Oxi84 commented 5 years ago

I solved one of the problems, using another way to load the model described bellow, but still it works way worse than BERT.

tokenizer = XLNetTokenizer.from_pretrained("xlnet-large-cased")
model = XLNetLMHeadModel.from_pretrained("xlnet-large-cased")
model.eval()
if torch.cuda.is_available(): model.to('cuda') #if we have a GPU 
target_id = 5
input_ids = torch.tensor(tokenizer.encode("I believe my sister is <mask> because she eats a lot of vegetables .")).unsqueeze(0)  # We will predict the masked token
perm_mask = torch.zeros((1, input_ids.shape[1], input_ids.shape[1]), dtype=torch.float)
perm_mask[:, :, target_id] = 1.0  # Previous tokens don't see last token
target_mapping = torch.zeros((1, 1, input_ids.shape[1]), dtype=torch.float)  # Shape [1, 1, seq_length] => let's predict one token
target_mapping[0, 0, target_id] = 1.0  # Our first (and only) prediction will be the last token of the sequence (the masked token)

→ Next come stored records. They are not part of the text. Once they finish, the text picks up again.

(* Let $\tau_i$ be an HC task, let $0\le t_I\le t_E\le t$, and suppose $\tau_i$ switches to HC mode at some time $t_i\in[t_I,t_E]$. Then, as a function of $t_i\in[t_I,t_E]$, $\mathrm{dbf}(\tau_i,t,t_i)$ is maximized when $t_i=t_E$ or $t_i=t_I$; that is, $\mathrm{dbf}(\tau_i,t,t_i)\le\max\{\mathrm{dbf}(\tau_i,t,t_I),\mathrm{dbf}(\tau_i,t,t_E)\}$ for all $t_i\in[t_I,t_E]$.
   Context: $\tau_i=(T_i,HC,\{C_i^L,C_i^H\},D_i)$ is a high-criticality sporadic task with minimum inter-release separation $T_i$, relative deadline $D_i\le T_i$, WCETs $C_i^L<C_i^H$, and tightened deadline $D_i^L\le D_i$. For a time interval $[0,t)$ and mode-switch instant $t_i\le t$, the demand of the job $J_i^A$ (the last job released at or before $t_i$, with release time $r=r(J_i^A)$) is $\mathrm{dbf}(J_i^A,t,t_i)=C_i^L$ if $r+D_i^L<t_i$; $=C_i^H$ if $r+D_i^L\ge t_i$ and $r+D_i\le t$; $=\min\{t_i-r,C_i^L\}$ if $t_i\le r+D_i^L\le t$ and $r+D_i>t$; $=0$ if $r+D_i^L>t$. Define $\mathrm{dbf}_{[b]}(\tau_i,t,t_i)=\lfloor t_i/T_i\rfloor C_i^L+\mathrm{dbf}(J_i^A,t,t_i)$ with $r(J_i^A)=\lfloor t_i/T_i\rfloor T_i$; $\mathrm{dbf}_{[c]}(\tau_i,t,t_i)=b_iC_i^L+\mathrm{dbf}(J_i^A,t,t_i)+a_iC_i^H$, where $s=t-D_i-\lfloor (t-D_i)/T_i\rfloor T_i$, $b_i=\lfloor (t_i-s)/T_i\rfloor$, $a_i=\lfloor (t-D_i)/T_i\rfloor-b_i$, and $r(J_i^A)=s+b_iT_i$. Then $\mathrm{dbf}(\tau_i,t,t_i)$ is: $\mathrm{dbf}_{[b]}(\tau_i,t,t_i)$ if $t-t_i<D_i-D_i^L$; $\mathrm{dbf}_{[c]}(\tau_i,t,t_i)$ if $t-t_i\ge D_i$; and $\max\{\mathrm{dbf}_{[b]}(\tau_i,t,t_i),\mathrm{dbf}_{[c]}(\tau_i,t,t_i)\}$ if $D_i-D_i^L\le t-t_i<D_i$. *)

From HB Require Import structures.
From mathcomp Require Import all_boot all_order all_algebra.
From mathcomp Require Import reals.
Set Implicit Arguments. Unset Strict Implicit. Unset Printing Implicit Defensive.
Import Order.TTheory GRing.Theory Num.Theory.
Local Open Scope ring_scope.

(* A high-criticality sporadic task tau_i = (T_i, HC, {C_i^L, C_i^H}, D_i)
   together with its tightened (virtual) deadline D_i^L. *)
Record hc_task (R : realType) := HCTask {
  T_ : R;
  CL : R;
  CH : R;
  D_ : R;
  DL : R
}.

Definition valid_hc_task (R : realType) (tk : hc_task R) : Prop :=
  0 < T_ tk /\ 0 < CL tk /\ CL tk < CH tk /\ 0 < DL tk /\
  DL tk <= D_ tk /\ D_ tk <= T_ tk.

Definition rfloor (R : realType) (x : R) : R := (Num.floor x)%:~R.

(* dbf(J_i^A, t, t_i) for the carry-over job released at r *)
Definition dbf_job (R : realType) (tk : hc_task R) (r t ti : R) : R :=
  if r + DL tk < ti then CL tk
  else if r + D_ tk <= t then CH tk
  else if r + DL tk <= t then Num.min (ti - r) (CL tk)
  else 0.

Definition dbf_b (R : realType) (tk : hc_task R) (t ti : R) : R :=
  let k := rfloor (ti / T_ tk) in
  k * CL tk + dbf_job tk (k * T_ tk) t ti.

Definition dbf_c (R : realType) (tk : hc_task R) (t ti : R) : R :=
  let n := rfloor ((t - D_ tk) / T_ tk) in
  let s := t - D_ tk - n * T_ tk in
  let b := rfloor ((ti - s) / T_ tk) in
  let a := n - b in
  b * CL tk + dbf_job tk (s + b * T_ tk) t ti + a * CH tk.

Definition dbf (R : realType) (tk : hc_task R) (t ti : R) : R :=
  if t - ti < D_ tk - DL tk then dbf_b tk t ti
  else if D_ tk <= t - ti then dbf_c tk t ti
  else Num.max (dbf_b tk t ti) (dbf_c tk t ti).

From HB Require Import structures.
From mathcomp Require Import all_boot all_order all_algebra.
From mathcomp Require Import reals.
From mathcomp Require Import lra.
Set Implicit Arguments. Unset Strict Implicit. Unset Printing Implicit Defensive.
Import Order.TTheory GRing.Theory Num.Theory.
Local Open Scope ring_scope.

(* Of the two branches of dbf, dbf_c is nonincreasing in the switch time t_i, and
   whenever it is active at t_i (t - t_i >= D_i - D_i^L) it is also active at t_I; so
   it is bounded by dbf(t_I). The branch dbf_b is nondecreasing in t_i, and active at
   t_E whenever it is active at t_i, except for one term: the HI-mode demand C_i^H of
   a carry-over job with deadline within t whose virtual deadline has not passed at
   t_i. That situation places t_i in the window (t - D_i, t - D_i + D_i^L], where
   dbf_c charges the same C_i^H and at least as many earlier LO jobs, so dbf_b is
   then dominated by dbf_c, hence again by dbf(t_I). *)

Lemma ler_staircase (R : numDomainType) (k1 k2 : int) (A u1 u2 : R) :
  0 <= A -> k1 <= k2 -> (k1 = k2 -> u1 <= u2) -> (k1 < k2 -> u1 <= A + u2) ->
  k1%:~R * A + u1 <= k2%:~R * A + u2.
Proof.
move=> A_ge0; rewrite le_eqVlt => /orP[/eqP-> /(_ erefl)|k12 _ /(_ k12) u12].
  by rewrite lerD2l.
apply: le_trans (_ : _ <= k1%:~R * A + (A + u2)) _; first by rewrite lerD2l.
rewrite addrA lerD2r -[X in _ + X]mul1r -mulrDl -[1]/(1%:~R) -intrD.
by rewrite ler_wpM2r // ler_int lezD1.
Qed.

Section FloorDiv.
Variables (R : archiRealFieldType) (T : R).
Hypothesis T_gt0 : 0 < T.

Lemma floor_divr_ge_int (x : R) (m : int) :
  (m <= Num.floor (x / T)) = (m%:~R * T <= x).
Proof. by rewrite floor_ge_int ler_pdivlMr. Qed.

Lemma floor_divr_le_int (x : R) (m : int) :
  (Num.floor (x / T) <= m) = (x < m%:~R * T + T).
Proof.
by rewrite -ltzD1 floor_lt_int ltr_pdivrMr // intrD mulrDl mul1r.
Qed.

Lemma floor_divr_itv (x : R) :
  (Num.floor (x / T))%:~R * T <= x < (Num.floor (x / T))%:~R * T + T.
Proof. by rewrite -floor_divr_ge_int -floor_divr_le_int lexx. Qed.

End FloorDiv.

Section HCTask.
Variables (R : realType) (tk : hc_task R).
Hypothesis tk_valid : valid_hc_task tk.

Local Notation T := (T_ tk).
Local Notation D := (D_ tk).
Local Notation DL := (DL tk).
Local Notation CL := (CL tk).
Local Notation CH := (CH tk).

Let T_gt0 : 0 < T. Proof. by case: tk_valid. Qed.
Let CL_gt0 : 0 < CL. Proof. by case: tk_valid => _ []. Qed.
Let CL_lt_CH : CL < CH. Proof. by case: tk_valid => _ [_ []]. Qed.
Let DL_gt0 : 0 < DL. Proof. by case: tk_valid => _ [_ [_ []]]. Qed.
Let D_le_T : D <= T. Proof. by case: tk_valid => _ [_ [_ [_ []]]]. Qed.

Definition dbf_job_lo (r t x : R) : R :=
  if r + DL < x then CL
  else if r + DL <= t then Num.min (x - r) CL
  else 0.

Definition dbf_b_lo (t x : R) : R :=
  let k := rfloor (x / T) in k * CL + dbf_job_lo (k * T) t x.

Lemma dbf_job_lo_ge0 (r t x : R) : r <= x -> 0 <= dbf_job_lo r t x.
Proof.
move=> rx; rewrite /dbf_job_lo; case: ifP => _; first exact: ltW.
by case: ifP => // _; rewrite le_min subr_ge0 rx ltW.
Qed.

Lemma dbf_job_lo_le_CL (r t x : R) : dbf_job_lo r t x <= CL.
Proof.
rewrite /dbf_job_lo; case: ifP => // _.
by case: ifP => _; [rewrite ge_min lexx orbT | exact: ltW].
Qed.

Lemma dbf_job_lo_nondecreasing (r t x y : R) :
  r <= x -> x <= y -> dbf_job_lo r t x <= dbf_job_lo r t y.
Proof.
move=> rx xy; rewrite {1}/dbf_job_lo.
case: ifP => [lt_x|_]; first by rewrite /dbf_job_lo (lt_le_trans lt_x xy).
case: ifP => [DLt|_]; last exact: dbf_job_lo_ge0 (le_trans rx xy).
rewrite /dbf_job_lo DLt; case: ifP => _; first by rewrite ge_min lexx orbT.
by rewrite le_min !ge_min lexx lerD2r xy orbT.
Qed.

Lemma dbf_job_lo_le (r t x : R) : dbf_job_lo r t x <= dbf_job tk r t x.
Proof.
rewrite /dbf_job_lo /dbf_job; case: ifP => // _.
case: (r + D <= t); last exact: lexx.
apply: le_trans (ltW CL_lt_CH).
by case: ifP => _; [rewrite ge_min lexx orbT | exact: ltW].
Qed.

Lemma dbf_job_loE (r t x : R) :
  ~~ ((r + D <= t) && (x <= r + DL)) -> dbf_job tk r t x = dbf_job_lo r t x.
Proof.
rewrite /dbf_job /dbf_job_lo; case: ifP => // /negbT; rewrite -leNgt => ->.
by rewrite andbT => /negbTE->.
Qed.

Lemma dbf_job_CH (r t x : R) : r + D <= t -> x <= r + DL -> dbf_job tk r t x = CH.
Proof. by move=> rD xDL; rewrite /dbf_job ltNge xDL rD. Qed.

Lemma dbf_job_le_CH (r t x : R) : dbf_job tk r t x <= CH.
Proof.
rewrite /dbf_job; case: ifP => _; first exact: ltW.
case: ifP => // _; case: ifP => _; first by rewrite ge_min (ltW CL_lt_CH) orbT.
exact: ltW (lt_trans CL_gt0 CL_lt_CH).
Qed.

Lemma dbf_job_ge_CL (r t x : R) : r + D <= t -> CL <= dbf_job tk r t x.
Proof. by move=> rD; rewrite /dbf_job rD; case: ifP => // _; exact: ltW. Qed.

Lemma dbf_job_nonincreasing (r t x y : R) :
  r + D <= t -> x <= y -> dbf_job tk r t y <= dbf_job tk r t x.
Proof.
move=> rD xy; have [lt_x|le_x] := ltP (r + DL) x.
  by rewrite /dbf_job lt_x (lt_le_trans lt_x xy).
by rewrite (dbf_job_CH rD le_x) dbf_job_le_CH.
Qed.

Lemma dbf_b_lo_nondecreasing (t x y : R) : x <= y -> dbf_b_lo t x <= dbf_b_lo t y.
Proof.
move=> xy; rewrite /dbf_b_lo /rfloor.
have /andP[rx _] := floor_divr_itv T_gt0 x.
apply: ler_staircase; first exact: ltW.
- by rewrite le_floor // ler_pM2r ?invr_gt0.
- by move=> kxy; rewrite -kxy; exact: dbf_job_lo_nondecreasing.
- move=> _; apply: le_trans (dbf_job_lo_le_CL _ _ _) _.
  have /andP[ry _] := floor_divr_itv T_gt0 y.
  by rewrite lerDl dbf_job_lo_ge0.
Qed.

Lemma dbf_b_lo_le_dbf_b (t x : R) : dbf_b_lo t x <= dbf_b tk t x.
Proof. by rewrite /dbf_b_lo /dbf_b lerD2l dbf_job_lo_le. Qed.

Lemma dbf_c_nonincreasing (t x y : R) : x <= y -> x < t -> dbf_c tk t y <= dbf_c tk t x.
Proof.
move=> xy xt; rewrite /dbf_c /rfloor.
set n := Num.floor ((t - D) / T); set s := t - D - n%:~R * T.
set bx := Num.floor ((x - s) / T); set b_y := Num.floor ((y - s) / T).
have bxn : bx <= n by rewrite floor_divr_le_int // /s; have := D_le_T; lra.
have rxD : s + bx%:~R * T + D <= t.
  have : bx%:~R * T <= n%:~R * T by rewrite ler_pM2r // ler_int.
  rewrite /s; lra.
(* Up to the constant n C^H, dbf_c t x = J_x - b_x (C^H - C^L), where J_x is the
   carry-over demand: a staircase with step C^H - C^L. *)
suff : bx%:~R * (CH - CL) + dbf_job tk (s + b_y%:~R * T) t y <=
       b_y%:~R * (CH - CL) + dbf_job tk (s + bx%:~R * T) t x by lra.
apply: ler_staircase.
- by rewrite subr_ge0 ltW.
- by rewrite le_floor // ler_pM2r ?invr_gt0 // lerD2r.
- by move=> bxy; rewrite -bxy; exact: dbf_job_nonincreasing.
- move=> _; have := dbf_job_le_CH (s + b_y%:~R * T) t y.
  have := dbf_job_ge_CL x rxD; lra.
Qed.

Lemma dbf_c_windowE (t x : R) : t - D < x -> x < t -> x <= t - D + DL ->
  dbf_c tk t x = rfloor ((t - D) / T) * CL + CH.
Proof.
move=> Dx xt xDL; rewrite /dbf_c /rfloor.
set n := Num.floor ((t - D) / T); set s := t - D - n%:~R * T.
have -> : Num.floor ((x - s) / T) = n.
  apply/eqP; rewrite eq_le floor_divr_le_int // floor_divr_ge_int // /s.
  by apply/andP; split; have := D_le_T; lra.
by rewrite dbf_job_CH /s ?subrr ?mul0r ?addr0 //; lra.
Qed.

Lemma dbf_b_lo_or_le_dbf_c (t x : R) : t - D < x -> x < t ->
  dbf_b tk t x = dbf_b_lo t x \/ (D - DL <= t - x /\ dbf_b tk t x <= dbf_c tk t x).
Proof.
move=> Dx xt; rewrite /dbf_b /dbf_b_lo.
set k := rfloor (x / T).
have [/andP[kD xDL]|lo] := boolP ((k * T + D <= t) && (x <= k * T + DL)).
  right; split; first lra.
  rewrite dbf_job_CH // dbf_c_windowE; try lra.
  rewrite lerD2r ler_wpM2r ?(ltW CL_gt0) // /k /rfloor ler_int.
  by rewrite floor_divr_ge_int //; lra.
by left; rewrite dbf_job_loE.
Qed.

Lemma dbf_b_le_dbf (t x : R) : t - x < D -> dbf_b tk t x <= dbf tk t x.
Proof.
move=> bD; rewrite /dbf; case: ifP => _; first exact: lexx.
by rewrite (leNgt D) bD /= le_max lexx.
Qed.

Lemma dbf_c_le_dbf (t x : R) : D - DL <= t - x -> dbf_c tk t x <= dbf tk t x.
Proof.
by move=> cD; rewrite /dbf ltNge cD /=; case: ifP => _; rewrite ?le_max lexx ?orbT.
Qed.

Lemma dbf_le_of_branches (t x M : R) :
  (t - x < D -> dbf_b tk t x <= M) -> (D - DL <= t - x -> dbf_c tk t x <= M) ->
  dbf tk t x <= M.
Proof.
move=> b_le c_le; rewrite /dbf; case: ifP => [bDL|/negbT].
  by apply: b_le; have := DL_gt0; lra.
rewrite -leNgt => cD; case: ifP => [_|/negbT]; first exact: c_le.
by rewrite -ltNge => bD; rewrite ge_max b_le ?c_le.
Qed.
End HCTask.

Theorem lemma5 (R : realType) (tk : hc_task R) (tI tE t ti : R) :
  valid_hc_task tk ->
  0 <= tI -> tI <= tE -> tE <= t ->
  tI <= ti -> ti <= tE ->
  dbf tk t ti <= Num.max (dbf tk t tI) (dbf tk t tE).
Proof.
move=> valid _ IE Et Ii iE.
have [->|ne_iE] := eqVneq ti tE; first by rewrite le_max lexx orbT.
have lt_iE : ti < tE by rewrite lt_neqAle ne_iE.
have lt_it : ti < t := lt_le_trans lt_iE Et.
set M := Num.max _ _.
have c_le : D_ tk - DL tk <= t - ti -> dbf_c tk t ti <= M.
  move=> cD; apply: le_trans (dbf_c_nonincreasing valid Ii (le_lt_trans Ii lt_it)) _.
  by rewrite le_max dbf_c_le_dbf //; lra.
apply: (dbf_le_of_branches valid) => // bD.
have Dti : t - D_ tk < ti by lra.
have [->|[/c_le c_M b_c]] := dbf_b_lo_or_le_dbf_c valid Dti lt_it;
  last exact: le_trans b_c c_M.
apply: le_trans (dbf_b_lo_nondecreasing valid t (ltW lt_iE)) _.
apply: le_trans (dbf_b_lo_le_dbf_b valid t tE) _.
by rewrite le_max dbf_b_le_dbf ?orbT //; lra.
Qed.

input_ids_tensor = input_ids.to("cuda")
target_mapping_tensor = target_mapping.to("cuda")
perm_mask_tensor = perm_mask.to("cuda")

with torch.no_grad():
    predictions = model(input_ids_tensor, perm_mask=perm_mask_tensor, target_mapping=target_mapping_tensor)

predicted_k_indexes = torch.topk(predictions[0][0][0],k=10)
predicted_logits_list = predicted_k_indexes[0] 
predicted_indexes_list = predicted_k_indexes[1] 

print ("predicted word:",tokenizer.decode(input_ids[0][target_id].item()))
for i,item  in enumerate(predicted_indexes_list):
    the_index = predicted_indexes_list[i].item()
    print("word and logits",tokenizer.decode(the_index),predicted_logits_list[i].item())

But the output is not so good, i believe Bert is better. I hope this is correct code to get masked word inside a sentence.

I am not sure if this line should be any different:

 perm_mask[:, :, target_id] = 1.0  # Previous tokens don't see last token

output:

 sentence: "I believe my sister is <mask> because she is a blonde ."
 predicted word: <mask>
 word and logits is -30.468482971191406
 word and logits the -33.0710334777832
 word and logits was -34.586158752441406
 word and logits because -34.74900436401367
 word and logits in -34.762718200683594
 word and logits that -34.86489486694336
 word and logits but -34.97043991088867
 word and logits and -35.04599380493164
 word and logits if -35.07524108886719
  word and logits not -35.1640510559082

when i do not use perm_mask and call only:

  predictions = model(input_ids_tensor, target_mapping=target_mapping_tensor)

I get a better, but still quite bad results, but it is at least interesting.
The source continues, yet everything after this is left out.